TRY IT: Please give back word for word the lines of the material below between the line containing "Lemma Trd_quat x" and the line containing "have := star_iso_psi_skew", inclusive.

DATA FOR THIS TASK:
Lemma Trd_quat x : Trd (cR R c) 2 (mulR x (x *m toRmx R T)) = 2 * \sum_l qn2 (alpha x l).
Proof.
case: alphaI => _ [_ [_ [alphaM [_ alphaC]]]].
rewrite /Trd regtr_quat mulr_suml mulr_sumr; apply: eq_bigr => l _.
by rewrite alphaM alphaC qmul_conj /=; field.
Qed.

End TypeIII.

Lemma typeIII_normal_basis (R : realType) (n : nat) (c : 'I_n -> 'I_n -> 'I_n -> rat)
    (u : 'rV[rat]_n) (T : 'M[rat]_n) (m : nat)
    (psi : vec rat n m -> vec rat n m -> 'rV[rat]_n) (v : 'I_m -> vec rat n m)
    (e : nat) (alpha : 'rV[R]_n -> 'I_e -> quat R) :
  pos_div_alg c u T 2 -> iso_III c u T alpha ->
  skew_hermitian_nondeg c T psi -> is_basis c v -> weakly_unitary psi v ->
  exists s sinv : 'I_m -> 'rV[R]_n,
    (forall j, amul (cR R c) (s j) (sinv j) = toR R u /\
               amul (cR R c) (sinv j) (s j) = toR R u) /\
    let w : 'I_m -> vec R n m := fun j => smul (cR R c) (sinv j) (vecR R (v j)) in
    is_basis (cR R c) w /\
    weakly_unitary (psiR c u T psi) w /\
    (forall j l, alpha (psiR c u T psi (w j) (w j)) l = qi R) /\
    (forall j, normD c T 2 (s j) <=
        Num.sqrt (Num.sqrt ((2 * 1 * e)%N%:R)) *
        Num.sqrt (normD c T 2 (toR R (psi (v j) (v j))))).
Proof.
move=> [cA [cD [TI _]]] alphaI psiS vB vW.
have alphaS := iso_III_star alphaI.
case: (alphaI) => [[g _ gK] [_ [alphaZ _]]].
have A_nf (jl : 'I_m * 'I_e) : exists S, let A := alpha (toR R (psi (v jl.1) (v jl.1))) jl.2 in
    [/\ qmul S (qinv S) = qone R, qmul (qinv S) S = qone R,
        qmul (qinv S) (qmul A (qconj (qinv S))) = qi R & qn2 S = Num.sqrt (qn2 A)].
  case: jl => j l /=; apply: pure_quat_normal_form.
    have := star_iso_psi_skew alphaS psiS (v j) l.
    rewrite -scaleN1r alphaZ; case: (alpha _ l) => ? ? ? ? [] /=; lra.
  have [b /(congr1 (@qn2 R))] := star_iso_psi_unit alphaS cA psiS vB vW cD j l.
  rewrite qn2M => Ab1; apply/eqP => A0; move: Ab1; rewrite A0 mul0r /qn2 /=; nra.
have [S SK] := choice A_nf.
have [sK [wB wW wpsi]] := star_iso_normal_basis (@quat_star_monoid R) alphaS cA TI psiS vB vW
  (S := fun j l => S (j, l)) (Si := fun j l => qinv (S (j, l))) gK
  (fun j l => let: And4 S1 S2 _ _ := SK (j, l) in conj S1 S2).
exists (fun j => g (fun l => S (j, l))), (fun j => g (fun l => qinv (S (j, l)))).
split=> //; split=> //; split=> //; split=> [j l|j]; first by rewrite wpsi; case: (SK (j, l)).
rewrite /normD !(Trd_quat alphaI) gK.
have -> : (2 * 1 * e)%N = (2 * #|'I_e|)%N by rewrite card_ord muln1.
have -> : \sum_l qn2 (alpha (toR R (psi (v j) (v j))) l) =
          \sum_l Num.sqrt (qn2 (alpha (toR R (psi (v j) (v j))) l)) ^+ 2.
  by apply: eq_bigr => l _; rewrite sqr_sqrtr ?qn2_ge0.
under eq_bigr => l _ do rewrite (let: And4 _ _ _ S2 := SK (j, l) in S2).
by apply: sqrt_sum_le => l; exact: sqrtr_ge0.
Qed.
...
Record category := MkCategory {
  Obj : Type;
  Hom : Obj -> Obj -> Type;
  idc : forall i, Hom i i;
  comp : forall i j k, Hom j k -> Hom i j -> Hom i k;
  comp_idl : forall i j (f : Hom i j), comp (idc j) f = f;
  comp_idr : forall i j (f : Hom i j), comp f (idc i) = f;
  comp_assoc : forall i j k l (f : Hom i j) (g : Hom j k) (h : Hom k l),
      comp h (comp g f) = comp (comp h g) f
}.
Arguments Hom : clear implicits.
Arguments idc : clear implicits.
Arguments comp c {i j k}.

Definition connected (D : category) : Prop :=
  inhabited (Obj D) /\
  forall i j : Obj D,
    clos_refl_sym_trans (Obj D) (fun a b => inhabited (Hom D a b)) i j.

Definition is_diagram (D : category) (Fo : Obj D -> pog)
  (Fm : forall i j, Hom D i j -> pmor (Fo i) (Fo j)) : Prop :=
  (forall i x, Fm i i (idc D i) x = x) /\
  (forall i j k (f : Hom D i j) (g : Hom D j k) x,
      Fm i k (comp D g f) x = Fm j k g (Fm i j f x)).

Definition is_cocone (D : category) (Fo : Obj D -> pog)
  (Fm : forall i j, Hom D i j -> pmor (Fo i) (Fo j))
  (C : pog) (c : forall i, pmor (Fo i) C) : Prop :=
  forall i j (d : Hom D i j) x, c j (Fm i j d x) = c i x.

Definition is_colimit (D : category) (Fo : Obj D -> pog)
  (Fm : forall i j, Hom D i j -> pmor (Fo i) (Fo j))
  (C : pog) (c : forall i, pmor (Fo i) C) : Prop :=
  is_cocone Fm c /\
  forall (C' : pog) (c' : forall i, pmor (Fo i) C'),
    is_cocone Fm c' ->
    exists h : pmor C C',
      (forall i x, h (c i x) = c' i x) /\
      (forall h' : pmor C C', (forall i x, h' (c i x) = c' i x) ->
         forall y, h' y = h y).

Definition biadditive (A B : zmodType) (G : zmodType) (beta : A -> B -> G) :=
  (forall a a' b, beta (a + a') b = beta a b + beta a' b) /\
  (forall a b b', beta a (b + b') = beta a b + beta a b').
* * *
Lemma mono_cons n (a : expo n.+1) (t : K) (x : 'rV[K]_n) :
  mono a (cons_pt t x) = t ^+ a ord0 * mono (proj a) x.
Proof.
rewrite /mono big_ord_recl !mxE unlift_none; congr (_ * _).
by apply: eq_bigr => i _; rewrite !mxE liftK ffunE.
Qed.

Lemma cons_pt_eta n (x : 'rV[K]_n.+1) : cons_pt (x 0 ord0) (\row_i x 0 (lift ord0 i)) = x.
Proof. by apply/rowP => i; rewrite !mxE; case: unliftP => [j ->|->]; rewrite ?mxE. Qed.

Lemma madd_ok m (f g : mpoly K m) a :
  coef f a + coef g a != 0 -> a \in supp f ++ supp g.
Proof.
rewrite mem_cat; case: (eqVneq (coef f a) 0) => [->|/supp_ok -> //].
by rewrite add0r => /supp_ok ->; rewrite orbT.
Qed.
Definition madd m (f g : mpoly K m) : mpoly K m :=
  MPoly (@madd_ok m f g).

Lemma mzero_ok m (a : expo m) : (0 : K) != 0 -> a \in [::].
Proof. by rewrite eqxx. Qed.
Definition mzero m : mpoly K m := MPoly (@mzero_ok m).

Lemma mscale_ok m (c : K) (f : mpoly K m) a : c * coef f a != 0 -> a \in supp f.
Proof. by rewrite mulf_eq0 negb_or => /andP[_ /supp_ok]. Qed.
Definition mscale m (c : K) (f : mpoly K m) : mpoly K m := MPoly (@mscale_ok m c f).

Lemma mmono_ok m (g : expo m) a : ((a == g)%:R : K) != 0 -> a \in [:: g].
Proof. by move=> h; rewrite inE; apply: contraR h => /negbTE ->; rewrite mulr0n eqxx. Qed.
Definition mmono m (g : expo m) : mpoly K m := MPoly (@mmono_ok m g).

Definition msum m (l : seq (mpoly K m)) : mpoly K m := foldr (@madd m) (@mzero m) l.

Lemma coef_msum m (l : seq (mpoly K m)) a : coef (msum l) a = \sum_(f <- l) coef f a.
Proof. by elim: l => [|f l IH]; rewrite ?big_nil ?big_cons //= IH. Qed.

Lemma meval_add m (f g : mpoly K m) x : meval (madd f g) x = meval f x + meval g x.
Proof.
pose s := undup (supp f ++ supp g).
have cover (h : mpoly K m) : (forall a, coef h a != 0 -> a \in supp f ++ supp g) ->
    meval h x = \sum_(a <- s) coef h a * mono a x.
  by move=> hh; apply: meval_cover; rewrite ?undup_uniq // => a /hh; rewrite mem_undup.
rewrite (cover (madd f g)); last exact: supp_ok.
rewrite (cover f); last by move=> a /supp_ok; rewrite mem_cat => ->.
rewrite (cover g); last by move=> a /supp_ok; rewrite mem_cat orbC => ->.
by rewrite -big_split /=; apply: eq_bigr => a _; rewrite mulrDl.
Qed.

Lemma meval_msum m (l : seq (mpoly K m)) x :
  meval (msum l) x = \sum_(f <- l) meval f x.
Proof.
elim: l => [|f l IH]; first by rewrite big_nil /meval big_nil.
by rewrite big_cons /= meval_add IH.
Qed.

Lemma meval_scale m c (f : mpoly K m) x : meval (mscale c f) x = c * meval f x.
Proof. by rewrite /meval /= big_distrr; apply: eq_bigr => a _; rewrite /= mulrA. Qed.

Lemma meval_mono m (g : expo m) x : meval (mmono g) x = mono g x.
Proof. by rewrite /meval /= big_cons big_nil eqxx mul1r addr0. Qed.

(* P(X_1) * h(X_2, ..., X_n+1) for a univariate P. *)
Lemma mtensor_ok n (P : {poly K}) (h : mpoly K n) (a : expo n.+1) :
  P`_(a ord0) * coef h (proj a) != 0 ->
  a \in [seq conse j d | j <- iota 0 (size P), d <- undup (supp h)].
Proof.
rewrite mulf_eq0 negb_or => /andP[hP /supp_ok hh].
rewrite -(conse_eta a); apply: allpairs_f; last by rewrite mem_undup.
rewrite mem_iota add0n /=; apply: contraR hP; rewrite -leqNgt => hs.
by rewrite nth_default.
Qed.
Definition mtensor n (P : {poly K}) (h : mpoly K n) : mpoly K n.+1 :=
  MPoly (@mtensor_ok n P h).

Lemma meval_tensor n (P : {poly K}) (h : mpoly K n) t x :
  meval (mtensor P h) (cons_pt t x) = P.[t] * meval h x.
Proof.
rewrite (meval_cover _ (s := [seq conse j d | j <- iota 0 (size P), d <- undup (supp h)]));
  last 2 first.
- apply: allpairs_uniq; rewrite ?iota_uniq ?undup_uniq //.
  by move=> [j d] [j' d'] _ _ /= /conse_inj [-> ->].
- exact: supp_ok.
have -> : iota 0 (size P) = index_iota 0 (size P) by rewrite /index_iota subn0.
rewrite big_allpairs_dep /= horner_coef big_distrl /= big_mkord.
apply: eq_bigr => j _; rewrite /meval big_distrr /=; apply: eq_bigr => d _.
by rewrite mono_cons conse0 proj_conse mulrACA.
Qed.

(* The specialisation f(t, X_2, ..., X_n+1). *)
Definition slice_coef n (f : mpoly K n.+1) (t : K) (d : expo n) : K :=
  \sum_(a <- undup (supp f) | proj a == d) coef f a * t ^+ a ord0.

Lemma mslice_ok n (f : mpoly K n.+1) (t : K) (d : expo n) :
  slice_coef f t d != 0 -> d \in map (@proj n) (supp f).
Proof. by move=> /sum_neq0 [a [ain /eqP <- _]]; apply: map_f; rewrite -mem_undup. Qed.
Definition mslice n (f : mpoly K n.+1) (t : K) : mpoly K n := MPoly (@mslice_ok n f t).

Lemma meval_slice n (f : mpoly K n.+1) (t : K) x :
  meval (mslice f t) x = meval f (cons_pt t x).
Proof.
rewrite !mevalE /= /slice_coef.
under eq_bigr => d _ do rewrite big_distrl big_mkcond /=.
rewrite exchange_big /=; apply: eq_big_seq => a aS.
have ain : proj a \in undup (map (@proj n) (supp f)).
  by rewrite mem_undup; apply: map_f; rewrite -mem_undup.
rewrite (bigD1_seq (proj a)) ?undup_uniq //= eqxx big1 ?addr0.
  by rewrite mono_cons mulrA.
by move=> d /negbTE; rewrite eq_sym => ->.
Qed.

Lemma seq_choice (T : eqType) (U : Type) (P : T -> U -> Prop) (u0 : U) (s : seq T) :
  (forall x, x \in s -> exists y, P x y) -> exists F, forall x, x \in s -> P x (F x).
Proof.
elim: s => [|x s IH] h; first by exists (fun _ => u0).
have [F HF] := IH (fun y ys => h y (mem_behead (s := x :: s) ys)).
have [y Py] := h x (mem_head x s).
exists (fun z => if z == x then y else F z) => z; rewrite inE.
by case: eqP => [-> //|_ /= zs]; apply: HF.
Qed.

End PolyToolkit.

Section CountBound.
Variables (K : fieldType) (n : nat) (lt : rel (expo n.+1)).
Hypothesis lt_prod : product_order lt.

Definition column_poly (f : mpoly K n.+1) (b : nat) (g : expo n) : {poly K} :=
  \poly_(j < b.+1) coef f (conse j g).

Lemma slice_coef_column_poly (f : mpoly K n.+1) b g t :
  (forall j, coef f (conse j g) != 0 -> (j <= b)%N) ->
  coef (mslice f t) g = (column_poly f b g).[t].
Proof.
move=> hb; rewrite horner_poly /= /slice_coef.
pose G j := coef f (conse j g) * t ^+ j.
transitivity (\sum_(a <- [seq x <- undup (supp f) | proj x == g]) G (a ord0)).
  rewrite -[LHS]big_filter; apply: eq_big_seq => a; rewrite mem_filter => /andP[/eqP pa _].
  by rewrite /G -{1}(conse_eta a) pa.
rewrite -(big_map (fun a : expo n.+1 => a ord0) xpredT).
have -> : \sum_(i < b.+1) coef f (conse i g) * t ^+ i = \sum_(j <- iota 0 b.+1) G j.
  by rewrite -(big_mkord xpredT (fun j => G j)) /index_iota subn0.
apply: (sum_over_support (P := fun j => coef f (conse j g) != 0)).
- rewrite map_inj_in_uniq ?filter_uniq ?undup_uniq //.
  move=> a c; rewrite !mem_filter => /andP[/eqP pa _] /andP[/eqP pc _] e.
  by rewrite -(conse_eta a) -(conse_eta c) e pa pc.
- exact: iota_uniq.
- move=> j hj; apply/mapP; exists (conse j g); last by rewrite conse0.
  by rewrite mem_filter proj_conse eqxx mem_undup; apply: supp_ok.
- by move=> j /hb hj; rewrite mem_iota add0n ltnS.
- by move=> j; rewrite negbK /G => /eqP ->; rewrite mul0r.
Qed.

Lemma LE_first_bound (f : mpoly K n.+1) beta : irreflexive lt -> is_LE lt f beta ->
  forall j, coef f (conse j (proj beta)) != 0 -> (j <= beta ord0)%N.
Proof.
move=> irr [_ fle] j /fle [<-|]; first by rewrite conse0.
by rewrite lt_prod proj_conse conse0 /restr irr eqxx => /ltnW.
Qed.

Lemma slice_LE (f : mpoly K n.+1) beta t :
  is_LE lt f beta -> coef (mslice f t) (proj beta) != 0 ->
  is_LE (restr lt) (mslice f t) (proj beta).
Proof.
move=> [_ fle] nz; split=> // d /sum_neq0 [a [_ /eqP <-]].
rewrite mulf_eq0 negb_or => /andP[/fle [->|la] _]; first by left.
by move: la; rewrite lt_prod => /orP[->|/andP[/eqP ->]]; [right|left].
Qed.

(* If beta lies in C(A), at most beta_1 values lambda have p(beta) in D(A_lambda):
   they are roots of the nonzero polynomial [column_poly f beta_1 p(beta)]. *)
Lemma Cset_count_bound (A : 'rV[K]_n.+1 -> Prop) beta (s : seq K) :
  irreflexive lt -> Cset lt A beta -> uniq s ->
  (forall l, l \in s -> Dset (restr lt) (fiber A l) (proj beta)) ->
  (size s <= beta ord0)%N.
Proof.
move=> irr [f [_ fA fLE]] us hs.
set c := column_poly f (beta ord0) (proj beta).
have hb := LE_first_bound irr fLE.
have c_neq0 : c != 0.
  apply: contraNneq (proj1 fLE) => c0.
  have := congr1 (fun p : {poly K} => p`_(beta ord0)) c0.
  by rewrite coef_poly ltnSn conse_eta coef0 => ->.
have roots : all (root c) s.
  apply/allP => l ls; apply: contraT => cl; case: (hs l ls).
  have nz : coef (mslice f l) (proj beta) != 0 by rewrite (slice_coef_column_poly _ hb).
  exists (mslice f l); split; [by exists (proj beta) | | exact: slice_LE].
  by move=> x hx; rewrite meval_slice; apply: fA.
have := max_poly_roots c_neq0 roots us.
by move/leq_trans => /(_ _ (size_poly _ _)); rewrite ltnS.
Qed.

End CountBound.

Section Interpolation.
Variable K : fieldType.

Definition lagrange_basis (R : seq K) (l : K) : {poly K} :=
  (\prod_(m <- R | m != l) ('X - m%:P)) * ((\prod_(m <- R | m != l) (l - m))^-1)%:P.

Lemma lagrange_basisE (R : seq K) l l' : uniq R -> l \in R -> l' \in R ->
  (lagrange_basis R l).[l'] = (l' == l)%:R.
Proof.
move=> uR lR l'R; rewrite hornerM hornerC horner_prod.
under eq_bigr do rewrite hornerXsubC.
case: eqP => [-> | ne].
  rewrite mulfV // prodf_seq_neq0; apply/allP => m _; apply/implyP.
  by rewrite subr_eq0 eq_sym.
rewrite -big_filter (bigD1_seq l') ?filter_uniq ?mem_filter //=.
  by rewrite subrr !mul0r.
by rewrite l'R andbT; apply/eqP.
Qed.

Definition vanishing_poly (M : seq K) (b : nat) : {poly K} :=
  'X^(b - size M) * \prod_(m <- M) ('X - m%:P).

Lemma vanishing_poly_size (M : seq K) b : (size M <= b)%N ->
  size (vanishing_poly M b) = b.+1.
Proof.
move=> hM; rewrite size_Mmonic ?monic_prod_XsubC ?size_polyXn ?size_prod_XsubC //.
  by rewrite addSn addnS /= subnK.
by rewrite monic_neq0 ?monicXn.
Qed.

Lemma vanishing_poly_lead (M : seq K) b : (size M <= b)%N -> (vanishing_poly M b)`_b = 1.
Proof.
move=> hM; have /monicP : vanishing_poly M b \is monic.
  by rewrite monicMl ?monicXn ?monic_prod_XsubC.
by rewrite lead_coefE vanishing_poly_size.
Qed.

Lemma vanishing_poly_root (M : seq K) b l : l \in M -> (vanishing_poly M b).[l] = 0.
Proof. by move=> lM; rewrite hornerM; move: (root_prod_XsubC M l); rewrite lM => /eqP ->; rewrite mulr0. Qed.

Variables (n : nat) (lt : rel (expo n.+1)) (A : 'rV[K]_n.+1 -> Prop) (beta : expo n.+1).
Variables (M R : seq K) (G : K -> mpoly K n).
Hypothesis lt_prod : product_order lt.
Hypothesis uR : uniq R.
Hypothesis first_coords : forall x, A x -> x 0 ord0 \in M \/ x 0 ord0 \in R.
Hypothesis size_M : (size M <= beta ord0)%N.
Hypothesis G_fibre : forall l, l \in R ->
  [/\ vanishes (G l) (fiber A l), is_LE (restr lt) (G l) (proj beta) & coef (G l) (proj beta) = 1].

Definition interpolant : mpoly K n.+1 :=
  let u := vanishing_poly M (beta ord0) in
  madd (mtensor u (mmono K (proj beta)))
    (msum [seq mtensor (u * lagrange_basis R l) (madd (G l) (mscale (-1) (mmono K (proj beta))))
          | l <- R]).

ANSWER BOX:
Lemma Trd_quat x : Trd (cR R c) 2 (mulR x (x *m toRmx R T)) = 2 * \sum_l qn2 (alpha x l).
Proof.
case: alphaI => _ [_ [_ [alphaM [_ alphaC]]]].
rewrite /Trd regtr_quat mulr_suml mulr_sumr; apply: eq_bigr => l _.
by rewrite alphaM alphaC qmul_conj /=; field.
Qed.

End TypeIII.

Lemma typeIII_normal_basis (R : realType) (n : nat) (c : 'I_n -> 'I_n -> 'I_n -> rat)
    (u : 'rV[rat]_n) (T : 'M[rat]_n) (m : nat)
    (psi : vec rat n m -> vec rat n m -> 'rV[rat]_n) (v : 'I_m -> vec rat n m)
    (e : nat) (alpha : 'rV[R]_n -> 'I_e -> quat R) :
  pos_div_alg c u T 2 -> iso_III c u T alpha ->
  skew_hermitian_nondeg c T psi -> is_basis c v -> weakly_unitary psi v ->
  exists s sinv : 'I_m -> 'rV[R]_n,
    (forall j, amul (cR R c) (s j) (sinv j) = toR R u /\
               amul (cR R c) (sinv j) (s j) = toR R u) /\
    let w : 'I_m -> vec R n m := fun j => smul (cR R c) (sinv j) (vecR R (v j)) in
    is_basis (cR R c) w /\
    weakly_unitary (psiR c u T psi) w /\
    (forall j l, alpha (psiR c u T psi (w j) (w j)) l = qi R) /\
    (forall j, normD c T 2 (s j) <=
        Num.sqrt (Num.sqrt ((2 * 1 * e)%N%:R)) *
        Num.sqrt (normD c T 2 (toR R (psi (v j) (v j))))).
Proof.
move=> [cA [cD [TI _]]] alphaI psiS vB vW.
have alphaS := iso_III_star alphaI.
case: (alphaI) => [[g _ gK] [_ [alphaZ _]]].
have A_nf (jl : 'I_m * 'I_e) : exists S, let A := alpha (toR R (psi (v jl.1) (v jl.1))) jl.2 in
    [/\ qmul S (qinv S) = qone R, qmul (qinv S) S = qone R,
        qmul (qinv S) (qmul A (qconj (qinv S))) = qi R & qn2 S = Num.sqrt (qn2 A)].
  case: jl => j l /=; apply: pure_quat_normal_form.
    have := star_iso_psi_skew alphaS psiS (v j) l.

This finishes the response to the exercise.